*** Block opens ***
(* There are countably infinitely many pairwise distinct quasi-varieties $\mathbb{V}$ (in the signature $(\wedge,\vee,0,1,\to)$) with $\mathbb{HA}\subseteq\mathbb{V}\subseteq\mathbb{IIL}$, where $\mathbb{HA}$ is the variety of Heyting algebras and $\mathbb{IIL}$ the quasi-variety of integral implicative lattices.
   Context: An integral implicative lattice is a bounded lattice $(L,\le,\wedge,\vee,0,1)$ with a binary operation $\to$ satisfying, for all $a,b,c$: (A1) $(a\vee b)\to c=(a\to c)\wedge(b\to c)$; (A2) $a\to(b\wedge c)=(a\to b)\wedge(a\to c)$; (A3) $a\le b$ iff $1\le a\to b$. $\mathbb{IIL}$ denotes the quasi-variety of integral implicative lattices. A Heyting algebra is a bounded lattice with $\to$ satisfying (A1)–(A3), distributivity, and (H1) $a\wedge(a\to b)\le b$, (H2) $b\le a\to(a\wedge b)$; $\mathbb{HA}$ denotes the variety of Heyting algebras, regarded as a subclass of $\mathbb{IIL}$. *)

From Stdlib Require Import List.
Import ListNotations.

Record Alg : Type := mkAlg {
  car : Type;
  meet : car -> car -> car;
  join : car -> car -> car;
  bot : car;
  top : car;
  imp : car -> car -> car
}.

Definition AlgClass := Alg -> Prop.

Inductive term : Type :=
| tVar : nat -> term
| tMeet : term -> term -> term
| tJoin : term -> term -> term
| tBot : term
| tTop : term
| tImp : term -> term -> term.

Fixpoint eval (A : Alg) (v : nat -> car A) (t : term) : car A :=
  match t with
  | tVar n => v n
  | tMeet s u => meet A (eval A v s) (eval A v u)
  | tJoin s u => join A (eval A v s) (eval A v u)
  | tBot => bot A
  | tTop => top A
  | tImp s u => imp A (eval A v s) (eval A v u)
  end.

(* A quasi-identity: (s1 = t1 & ... & sk = tk) => s = t. *)
Record quasi_identity : Type := mkQI {
  qi_hyps : list (term * term);
  qi_concl : term * term
}.

Definition satisfies (A : Alg) (q : quasi_identity) : Prop :=
  forall v : nat -> car A,
    (forall e, In e (qi_hyps q) -> eval A v (fst e) = eval A v (snd e)) ->
    eval A v (fst (qi_concl q)) = eval A v (snd (qi_concl q)).

Definition quasivariety (V : AlgClass) : Prop :=
  exists Q : quasi_identity -> Prop,
    forall A : Alg, V A <-> (forall q, Q q -> satisfies A q).

Section LatAx.
Variable A : Alg.
Local Notation "x ∧ y" := (meet A x y) (at level 40, left associativity).
Local Notation "x ∨ y" := (join A x y) (at level 50, left associativity).
Local Notation "x ⇒ y" := (imp A x y) (at level 55, right associativity).

Definition le (x y : car A) : Prop := x ∧ y = x.

Definition is_bounded_lattice : Prop :=
  (forall x y z, x ∧ (y ∧ z) = (x ∧ y) ∧ z) /\
  (forall x y z, x ∨ (y ∨ z) = (x ∨ y) ∨ z) /\
  (forall x y, x ∧ y = y ∧ x) /\
  (forall x y, x ∨ y = y ∨ x) /\
  (forall x y, x ∧ (x ∨ y) = x) /\
  (forall x y, x ∨ (x ∧ y) = x) /\
  (forall x, x ∧ top A = x) /\
  (forall x, x ∨ bot A = x).

Definition is_distributive : Prop :=
  forall x y z, x ∧ (y ∨ z) = (x ∧ y) ∨ (x ∧ z).

Definition axA1 : Prop := forall a b c, (a ∨ b) ⇒ c = (a ⇒ c) ∧ (b ⇒ c).
Definition axA2 : Prop := forall a b c, a ⇒ (b ∧ c) = (a ⇒ b) ∧ (a ⇒ c).
Definition axA3 : Prop := forall a b, le a b <-> le (top A) (a ⇒ b).
Definition axH1 : Prop := forall a b, le (a ∧ (a ⇒ b)) b.
Definition axH2 : Prop := forall a b, le b (a ⇒ (a ∧ b)).
End LatAx.

Definition IIL : AlgClass := fun A =>
  is_bounded_lattice A /\ axA1 A /\ axA2 A /\ axA3 A.

Definition HA : AlgClass := fun A =>
  is_bounded_lattice A /\ is_distributive A /\
  axA1 A /\ axA2 A /\ axA3 A /\ axH1 A /\ axH2 A.

Definition same_class (V W : AlgClass) : Prop := forall A, V A <-> W A.

(* Let [1 ⇒^k x] denote [1 ⇒ (1 ⇒ ... (1 ⇒ x))] with k arrows. Adding to the
   axioms of IIL the identity [1 ⇒^(n+1) x = 1 ⇒^n x] gives a quasi-variety
   V_n, and every V_n contains HA because [1 ⇒ x = x] in a Heyting algebra.
   The chain 0 < 1 < ... < N with [a ⇒ b = N] for [a <= b] and [a ⇒ b = b - 1]
   otherwise is in IIL, and there [1 ⇒^k a = a - k] for [a < N]; hence it lies
   in V_n exactly when [N <= n + 1], which separates all the V_n. *)

From Stdlib Require Import List Arith Lia Eqdep_dec.
Import ListNotations.

Lemma quasivariety_satisfies (V : AlgClass) (q : quasi_identity) :
  quasivariety V -> quasivariety (fun A => V A /\ satisfies A q).
Proof.
  intros [Q HQ]. exists (fun q' => Q q' \/ q' = q). intros A. rewrite HQ.
  split.
  - intros [HV Hq] q' [Hq' | ->]; auto.
  - intros H. split; auto.
Qed.

Definition x0 := tVar 0.
Definition x1 := tVar 1.
Definition x2 := tVar 2.

Definition IIL_axioms : list quasi_identity := [
  mkQI [] (tMeet x0 (tMeet x1 x2), tMeet (tMeet x0 x1) x2);
  mkQI [] (tJoin x0 (tJoin x1 x2), tJoin (tJoin x0 x1) x2);
  mkQI [] (tMeet x0 x1, tMeet x1 x0);
  mkQI [] (tJoin x0 x1, tJoin x1 x0);
  mkQI [] (tMeet x0 (tJoin x0 x1), x0);
  mkQI [] (tJoin x0 (tMeet x0 x1), x0);
  mkQI [] (tMeet x0 tTop, x0);
  mkQI [] (tJoin x0 tBot, x0);
  mkQI [] (tImp (tJoin x0 x1) x2, tMeet (tImp x0 x2) (tImp x1 x2));
  mkQI [] (tImp x0 (tMeet x1 x2), tMeet (tImp x0 x1) (tImp x0 x2));
  mkQI [(tMeet x0 x1, x0)] (tMeet tTop (tImp x0 x1), tTop);
  mkQI [(tMeet tTop (tImp x0 x1), tTop)] (tMeet x0 x1, x0)].

Definition valuation3 (A : Alg) (a b c : car A) : nat -> car A :=
  fun k => match k with 0 => a | 1 => b | _ => c end.

Lemma IIL_satisfies_axioms (A : Alg) :
  IIL A -> forall q, In q IIL_axioms -> satisfies A q.
Proof.
  intros ((l1 & l2 & l3 & l4 & l5 & l6 & l7 & l8) & A1 & A2 & A3) q Hq.
  unfold axA3, le in A3.
  simpl in Hq; repeat destruct Hq as [<- | Hq]; try contradiction;
    intros v Hv; simpl in *; auto.
  - apply (proj1 (A3 _ _)), (Hv _ (or_introl eq_refl)).
  - apply (proj2 (A3 _ _)), (Hv _ (or_introl eq_refl)).
Qed.

Lemma satisfies_axioms_IIL (A : Alg) :
  (forall q, In q IIL_axioms -> satisfies A q) -> IIL A.
Proof.
  intros H.
  assert (Hi : forall i q, nth_error IIL_axioms i = Some q -> satisfies A q).
  { intros i q Hi. apply H. eapply nth_error_In; eauto. }
  unfold IIL, is_bounded_lattice, axA1, axA2, axA3, le.
  repeat split; intros.
  - exact (Hi 0 _ eq_refl (valuation3 A x y z) ltac:(simpl; tauto)).
  - exact (Hi 1 _ eq_refl (valuation3 A x y z) ltac:(simpl; tauto)).
  - exact (Hi 2 _ eq_refl (valuation3 A x y x) ltac:(simpl; tauto)).
  - exact (Hi 3 _ eq_refl (valuation3 A x y x) ltac:(simpl; tauto)).
  - exact (Hi 4 _ eq_refl (valuation3 A x y x) ltac:(simpl; tauto)).
  - exact (Hi 5 _ eq_refl (valuation3 A x y x) ltac:(simpl; tauto)).
  - exact (Hi 6 _ eq_refl (valuation3 A x x x) ltac:(simpl; tauto)).
  - exact (Hi 7 _ eq_refl (valuation3 A x x x) ltac:(simpl; tauto)).
  - exact (Hi 8 _ eq_refl (valuation3 A a b c) ltac:(simpl; tauto)).
  - exact (Hi 9 _ eq_refl (valuation3 A a b c) ltac:(simpl; tauto)).
  - apply (Hi 10 _ eq_refl (valuation3 A a b a)). simpl. intros e [<- | []]. assumption.
  - apply (Hi 11 _ eq_refl (valuation3 A a b a)). simpl. intros e [<- | []]. assumption.
Qed.

Lemma IIL_quasivariety : quasivariety IIL.
Proof.
  exists (fun q => In q IIL_axioms). intros A. split.
  - apply IIL_satisfies_axioms.
  - apply satisfies_axioms_IIL.
Qed.

Lemma HA_IIL (A : Alg) : HA A -> IIL A.
Proof. intros (L & _ & A1 & A2 & A3 & _). exact (conj L (conj A1 (conj A2 A3))). Qed.

Lemma HA_top_imp (A : Alg) : HA A -> forall x, imp A (top A) x = x.
Proof.
  intros ((_ & _ & meetC & _ & _ & _ & meet_top & _) & _ & _ & _ & _ & H1 & H2) x.
  unfold axH1, axH2, le in *.
  specialize (H1 (top A) x). specialize (H2 (top A) x).
  rewrite (meetC (top A)), meet_top in H1, H2.
  rewrite <- H1, meetC. exact H2.
Qed.

Fixpoint top_imps (k : nat) : term :=
  match k with 0 => x0 | S k => tImp tTop (top_imps k) end.

Definition top_imps_stable (n : nat) : quasi_identity :=
  mkQI [] (top_imps (S n), top_imps n).

Definition IIL_stable (n : nat) : AlgClass :=
  fun A => IIL A /\ satisfies A (top_imps_stable n).

Lemma eval_top_imps_id (A : Alg) (v : nat -> car A) k :
  (forall x, imp A (top A) x = x) -> eval A v (top_imps k) = v 0.
Proof. intros Htop. induction k as [|k IH]; simpl; [reflexivity | now rewrite IH, Htop]. Qed.

Lemma HA_IIL_stable n (A : Alg) : HA A -> IIL_stable n A.
Proof.
  intros HA_A. split; [exact (HA_IIL A HA_A) |].
  intros v _. cbn [top_imps_stable qi_concl fst snd].
  now rewrite !eval_top_imps_id by exact (HA_top_imp A HA_A).
Qed.

Definition chain (N : nat) := {k : nat | Nat.leb k N = true}.

Definition clamp (N k : nat) : chain N :=
  exist _ (Nat.min k N) (proj2 (Nat.leb_le _ _) (Nat.le_min_r k N)).

Lemma chain_eq N (x y : chain N) : proj1_sig x = proj1_sig y -> x = y.
Proof.
  destruct x as [x Hx], y as [y Hy]; simpl; intros ->.
  f_equal; apply UIP_dec, Bool.bool_dec.
Qed.

Lemma chain_bounded N (x : chain N) : proj1_sig x <= N.
Proof. apply Nat.leb_le, proj2_sig. Qed.

(* Subtraction is truncated, so [a ⇒ 0 = 0] for [a > 0]. *)
Definition Chain (N : nat) : Alg :=
  mkAlg (chain N)
    (fun a b => clamp N (Nat.min (proj1_sig a) (proj1_sig b)))
    (fun a b => clamp N (Nat.max (proj1_sig a) (proj1_sig b)))
    (clamp N 0) (clamp N N)
    (fun a b => clamp N (if Nat.leb (proj1_sig a) (proj1_sig b) then N
                         else proj1_sig b - 1)).

Ltac chain_arith N :=
  repeat match goal with
  | x : chain N |- _ => pose proof (chain_bounded N x); destruct x as [x ?]
  | x : car (Chain N) |- _ => pose proof (chain_bounded N x); destruct x as [x ?]
  end;
  simpl in *;
  repeat match goal with |- context [Nat.leb ?a ?b] => destruct (Nat.leb_spec a b) end;
  lia.

Lemma Chain_le N (a b : chain N) :
  le (Chain N) a b <-> proj1_sig a <= proj1_sig b.
Proof.
  unfold le; simpl. split.
  - intros H. apply (f_equal (@proj1_sig _ _)) in H. chain_arith N.
  - intros H. apply chain_eq. chain_arith N.
Qed.

Lemma Chain_axA3 N : axA3 (Chain N).
Proof. intros a b. rewrite !Chain_le. chain_arith N. Qed.

Lemma Chain_IIL N : IIL (Chain N).
Proof.
  unfold IIL, is_bounded_lattice, axA1, axA2.
  repeat split; try apply Chain_axA3; intros; apply chain_eq; chain_arith N.
Qed.

Lemma Chain_eval_top_imps N k (v : nat -> chain N) :
  proj1_sig (eval (Chain N) v (top_imps k)) =
  if Nat.eqb (proj1_sig (v 0)) N then N else proj1_sig (v 0) - k.
Proof.
  pose proof (chain_bounded N (v 0)).
  induction k as [|k IH]; simpl.
  - destruct (Nat.eqb_spec (proj1_sig (v 0)) N); lia.
  - rewrite IH. destruct (Nat.eqb_spec (proj1_sig (v 0)) N); chain_arith N.
Qed.

Lemma Chain_IIL_stable N n : IIL_stable n (Chain N) <-> N <= S n.
Proof.
  unfold IIL_stable. split.
  - intros [_ H]. specialize (H (fun _ => clamp N (N - 1)) ltac:(simpl; tauto)).
    apply (f_equal (@proj1_sig _ _)) in H. cbn [top_imps_stable qi_concl fst snd] in H.
    rewrite !Chain_eval_top_imps in H. simpl in H.
    destruct (Nat.eqb_spec (Nat.min (N - 1) N) N); lia.
  - intros HN. split; [apply Chain_IIL |]. intros v _. apply chain_eq. cbn [top_imps_stable qi_concl fst snd].
    rewrite !Chain_eval_top_imps. pose proof (chain_bounded N (v 0)).
    destruct (Nat.eqb_spec (proj1_sig (v 0)) N); lia.
Qed.

Lemma IIL_stable_inj m n : same_class (IIL_stable m) (IIL_stable n) -> m = n.
Proof.
  intros Hsame.
  assert (Hm := proj1 (Hsame (Chain (S m))) (proj2 (Chain_IIL_stable _ _) (le_n _))).
  assert (Hn := proj2 (Hsame (Chain (S n))) (proj2 (Chain_IIL_stable _ _) (le_n _))).
  rewrite Chain_IIL_stable in Hm, Hn. lia.
Qed.

Theorem lemma2p3 :
  exists V : nat -> AlgClass,
    (forall n, quasivariety (V n)) /\
    (forall n A, HA A -> V n A) /\
    (forall n A, V n A -> IIL A) /\
    (forall m n, m <> n -> ~ same_class (V m) (V n)).
Proof.
  exists IIL_stable. split; [| split; [| split]].
  - intros n. exact (quasivariety_satisfies _ _ IIL_quasivariety).
  - exact HA_IIL_stable.
  - intros n A [IIL_A _]. exact IIL_A.
  - intros m n Hmn Hsame. exact (Hmn (IIL_stable_inj m n Hsame)).
Qed.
*** Block closes ***
In the data above, find the line with "mkQI [(tMeet x0" and the line with "- exact (Hi 8". Retype both, plus every line between them, exactly.

Reply to the task -
  mkQI [(tMeet x0 x1, x0)] (tMeet tTop (tImp x0 x1), tTop);
  mkQI [(tMeet tTop (tImp x0 x1), tTop)] (tMeet x0 x1, x0)].

Definition valuation3 (A : Alg) (a b c : car A) : nat -> car A :=
  fun k => match k with 0 => a | 1 => b | _ => c end.

Lemma IIL_satisfies_axioms (A : Alg) :
  IIL A -> forall q, In q IIL_axioms -> satisfies A q.
Proof.
  intros ((l1 & l2 & l3 & l4 & l5 & l6 & l7 & l8) & A1 & A2 & A3) q Hq.
  unfold axA3, le in A3.
  simpl in Hq; repeat destruct Hq as [<- | Hq]; try contradiction;
    intros v Hv; simpl in *; auto.
  - apply (proj1 (A3 _ _)), (Hv _ (or_introl eq_refl)).
  - apply (proj2 (A3 _ _)), (Hv _ (or_introl eq_refl)).
Qed.

Lemma satisfies_axioms_IIL (A : Alg) :
  (forall q, In q IIL_axioms -> satisfies A q) -> IIL A.
Proof.
  intros H.
  assert (Hi : forall i q, nth_error IIL_axioms i = Some q -> satisfies A q).
  { intros i q Hi. apply H. eapply nth_error_In; eauto. }
  unfold IIL, is_bounded_lattice, axA1, axA2, axA3, le.
  repeat split; intros.
  - exact (Hi 0 _ eq_refl (valuation3 A x y z) ltac:(simpl; tauto)).
  - exact (Hi 1 _ eq_refl (valuation3 A x y z) ltac:(simpl; tauto)).
  - exact (Hi 2 _ eq_refl (valuation3 A x y x) ltac:(simpl; tauto)).
  - exact (Hi 3 _ eq_refl (valuation3 A x y x) ltac:(simpl; tauto)).
  - exact (Hi 4 _ eq_refl (valuation3 A x y x) ltac:(simpl; tauto)).
  - exact (Hi 5 _ eq_refl (valuation3 A x y x) ltac:(simpl; tauto)).
  - exact (Hi 6 _ eq_refl (valuation3 A x x x) ltac:(simpl; tauto)).
  - exact (Hi 7 _ eq_refl (valuation3 A x x x) ltac:(simpl; tauto)).
  - exact (Hi 8 _ eq_refl (valuation3 A a b c) ltac:(simpl; tauto)).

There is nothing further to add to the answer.